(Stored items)
BEGIN

Lemma ac_tr_sqr_gt0 u : u != 0 -> 0 < ac_tr (mulc u u).
Proof.
move=> /sum_sqr_row_gt0; rewrite sum_ord3 /ac_tr ac_mulE0 ac_mulE1 ac_mulE2.
move: (co u 0) (co u 1) (co u 2) => p q r sq_gt0.
rewrite [X in 0 < X](_ : _ = (1 - c) * (p ^+ 2 + q ^+ 2 + r ^+ 2) + c * (p + q + r) ^+ 2).
  apply: ltr_wpDr; first by rewrite mulr_ge0 ?sqr_ge0 ?ltW.
  by rewrite mulr_gt0 // subr_gt0; have := c_lt; have := c_gt0; lra.
by ring.
Qed.

Lemma ac_idempotent x : mulc x x = x ->
  [\/ x = 0, x = ac_one, ac_tr x = 1 | ac_tr x = 3 * kappa - 1].
Proof.
move=> xx; have coord_eq i : co (mulc x x) i - co x i = 0 by rewrite xx subrr.
have := coord_eq 0%N; have := coord_eq 1%N; have := coord_eq 2%N.
rewrite ac_mulE0 ac_mulE1 ac_mulE2 /ac_tr => h2 h1 h0.
have hp : ac_idem_eq (co x 0) (co x 1) (co x 2) = 0 by rewrite -h0 /ac_idem_eq; ring.
have hq : ac_idem_eq (co x 1) (co x 0) (co x 2) = 0 by rewrite -h1 /ac_idem_eq; ring.
have hr : ac_idem_eq (co x 2) (co x 0) (co x 1) = 0 by rewrite -h2 /ac_idem_eq; ring.
have [[e0 e1 e2]|[e0 e1 e2]|->|->] := ac_idem_eq_solutions hp hq hr.
- by constructor 1; coord3; rewrite ?e0 ?e1 ?e2.
- by constructor 2; coord3; rewrite ?e0 ?e1 ?e2.
- by constructor 3.
- by constructor 4.
Qed.

Lemma ac_tr_one : ac_tr ac_one = 3 * kappa.
Proof. by rewrite /ac_tr !ac_oneE //; ring. Qed.

Lemma ac_one_neq0 : ac_one != 0.
Proof.
apply/eqP => /(congr1 (fun u : 'rV[R]_3 => co u 0)); rewrite ac_oneE // mxE.
by apply/eqP; rewrite invr_eq0.
Qed.

Lemma ac_one_decomposable : decomposable mulc ac_one.
Proof.
split; first exact: ac_mul1.
exists [:: bvec R 2 0; ac_one - bvec R 2 0]; split => //; split; last first.
  by rewrite !big_cons big_nil addr0 addrCA subrr addr0.
move=> z; rewrite !inE => /orP[] /eqP -> {z}; split.
- apply/eqP => /(congr1 (fun u : 'rV[R]_3 => co u 0)); rewrite bvecE // mxE.
  by apply/eqP; rewrite oner_eq0.
- by rewrite /is_idempotent; coord3; ring.
- apply/eqP => /(congr1 (fun u : 'rV[R]_3 => co u 1)).
  by rewrite row_inordB ac_oneE // bvecE //= subr0 mxE; apply/eqP; rewrite invr_eq0.
- by rewrite /is_idempotent; coord3; rewrite /kappa; field.
Qed.

Lemma ac_NS_claim : NS_claim mulc.
Proof.
have dim_le3 (A : {vspace 'rV[R]_3}) : (\dim A <= 3)%N.
  by have := dimvS (subvf A); rewrite dimvf dim_matrix.
apply: (NS_claim_of_trace_gap (tabmulDl _) (tabmulZl _) ac_mulC ac_mul1 ac_trD ac_trZ
  ac_tr_sqr_gt0 ac_one_neq0 (b := 1)) => //; first lra.
- move=> y yy y0; right; case: (ac_idempotent yy) => [y_eq0|->|->|->] //.
  + by rewrite y_eq0 eqxx in y0.
  + by rewrite ac_tr_one; have := kappa_ge; lra.
  + by have := kappa_ge; lra.
- move=> x xx tr_x; case: (ac_idempotent xx) => [x_eq0|//|tr1|tr2]; exfalso;
    have := kappa_lt1; move: tr_x; rewrite ?x_eq0 ?tr1 ?tr2 /ac_tr ?mxE; lra.
- exact: ac_one_decomposable.
- by move=> A; rewrite leqNgt ltnS dim_le3.
Qed.

End TwoAxisFamily.

Lemma NS_claim2A (R : realType) : NS_claim (@mul2A R).
Proof. by apply: ac_NS_claim; lra. Qed.

Lemma NS_claim3C (R : realType) : NS_claim (@mul3C R).
Proof. by apply: ac_NS_claim; lra. Qed.

Section ThreeAIdempotentEquations.
Variable R : realFieldType.
Implicit Types p q r s x z : R.

(* [a3_eq_a p q r s = 0] and [a3_eq_u p q r s = 0] say that the [a_0]- and
   [u]-coordinates of [x^2] and [x] agree, where [x] has coordinates [p, q, r, s]. *)
Definition a3_eq_a p q r s :=
  144 * p ^+ 2 + 18 * p * q + 18 * p * r + 9 * q * r + 32 * s * (2 * p - q - r) - 144 * p.
Definition a3_eq_u p q r s :=
  1024 * s ^+ 2 - 135 * (p * q + p * r + q * r) + 320 * s * (p + q + r) - 1024 * s.
Definition a3_eq_diff p q r s := 48 * p + 48 * q + 3 * r + 32 * s - 48.

Definition a3_tr_values : seq R := [:: 1; 8/5; 12/7; 81/35].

END

◆ EXERCISE: From the records above, retype only the lines starting at the line that contains "by rewrite row_inordB" and ending at the line that contains "by have := dimvS", both included.

◆ WRITTEN ANSWER:
  by rewrite row_inordB ac_oneE // bvecE //= subr0 mxE; apply/eqP; rewrite invr_eq0.
- by rewrite /is_idempotent; coord3; rewrite /kappa; field.
Qed.

Lemma ac_NS_claim : NS_claim mulc.
Proof.
have dim_le3 (A : {vspace 'rV[R]_3}) : (\dim A <= 3)%N.
  by have := dimvS (subvf A); rewrite dimvf dim_matrix.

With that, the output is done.